● **Task requirements**
Please figure out how many lines in the material contain "True", and give only that number.

Records Start Marker

(* If $\Gamma\Vdash t:A$ is derivable in the type system $\lambda 2^{la}$, then $t$ is strongly normalising (for the reduction $\to$ of Lineal).
   Context: Fix a commutative ring $(\mathcal{S},+,\times)$ of scalars. Terms of the linear-algebraic $\lambda$-calculus (Lineal): $t,r,u ::= b \mid (t)\,r \mid \mathbf{0} \mid \alpha.t \mid t+r$, with basis terms $b ::= x \mid \lambda x\,t$. Terms are considered modulo associativity and commutativity of $+$. Substitution $t[b/x]$ is capture-avoiding, with $(\alpha.t+\beta.u)[b/x]=\alpha.(t[b/x])+\beta.(u[b/x])$. One-step reduction $\to$ is the closure under term contexts (modulo AC of $+$) of: $t+\mathbf 0\to t$; $0.t\to\mathbf 0$; $1.t\to t$; $\alpha.\mathbf 0\to\mathbf 0$; $\alpha.(\beta.t)\to(\alpha\times\beta).t$; $\alpha.(t+r)\to\alpha.t+\alpha.r$; $\alpha.t+\beta.t\to(\alpha+\beta).t$, $\alpha.t+t\to(\alpha+1).t$, $t+t\to(1+1).t$ (only if $t$ is a closed normal term); $(t+r)\,u\to(t)\,u+(r)\,u$ and $(u)\,(t+r)\to(u)\,t+(u)\,r$ (only if $t+r$ is a closed normal term); $(\alpha.t)\,r\to\alpha.(t)\,r$ and $(r)\,(\alpha.t)\to\alpha.(r)\,t$ (only if $t$ is a closed normal term); $(\mathbf 0)\,t\to\mathbf 0$; $(t)\,\mathbf 0\to\mathbf 0$; $(\lambda x\,t)\,b\to t[b/x]$ (only if $b$ is a basis term). The type system $\lambda 2^{la}$ has types $A,B ::= X \mid A\to B \mid \forall X.A$ and contexts $\Gamma$ assigning such types to distinct term variables. Its rules are those of System F: $\Gamma,x:A\Vdash x:A$; from $\Gamma,x:A\Vdash t:B$ infer $\Gamma\Vdash\lambda x\,t:A\to B$; from $\Gamma\Vdash t:A\to B$ and $\Gamma\Vdash r:A$ infer $\Gamma\Vdash (t)\,r:B$; from $\Gamma\Vdash t:\forall X.A$ infer $\Gamma\Vdash t:A[B/X]$; from $\Gamma\Vdash t:A$ with $X$ not free in $\Gamma$ infer $\Gamma\Vdash t:\forall X.A$; together with: $\Gamma\Vdash\mathbf 0:A$ for any $A$; from $\Gamma\Vdash t:A$ and $\Gamma\Vdash r:A$ infer $\Gamma\Vdash t+r:A$; from $\Gamma\Vdash t:A$ infer $\Gamma\Vdash\alpha.t:A$ for any $\alpha\in\mathcal S$. *)

From mathcomp Require Import all_boot all_algebra.
Set Implicit Arguments. Unset Strict Implicit. Unset Printing Implicit Defensive.
Import GRing.Theory.
Local Open Scope ring_scope.

Section Lineal.
Variable S : comPzRingType.

Inductive term : Type :=
| Var of nat
| Lam of term
| App of term & term
| Zero
| Scal of S & term
| Plus of term & term.

Definition basis (t : term) : Prop :=
  match t with Var _ | Lam _ => True | _ => False end.

Fixpoint tsize (t : term) : nat :=
  match t with
  | Var _ | Zero => 1
  | Lam t | Scal _ t => (tsize t).+1
  | App t r | Plus t r => (tsize t + tsize r).+1
  end.

Fixpoint closed_at (k : nat) (t : term) : Prop :=
  match t with
  | Var n => (n < k)%N
  | Lam t => closed_at k.+1 t
  | App t r | Plus t r => closed_at k t /\ closed_at k r
  | Zero => True
  | Scal _ t => closed_at k t
  end.
Definition closed (t : term) : Prop := closed_at 0 t.

Fixpoint lift (d c : nat) (t : term) : term :=
  match t with
  | Var n => if (n < c)%N then Var n else Var (n + d)
  | Lam t => Lam (lift d c.+1 t)
  | App t r => App (lift d c t) (lift d c r)
  | Zero => Zero
  | Scal a t => Scal a (lift d c t)
  | Plus t r => Plus (lift d c t) (lift d c r)
  end.

Fixpoint subst (n : nat) (u t : term) : term :=
  match t with
  | Var m => if (m < n)%N then Var m else if m == n then lift n 0 u
             else Var m.-1
  | Lam t => Lam (subst n.+1 u t)
  | App t r => App (subst n u t) (subst n u r)
  | Zero => Zero
  | Scal a t => Scal a (subst n u t)
  | Plus t r => Plus (subst n u t) (subst n u r)
  end.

Records End Marker

● **Exercise result**
2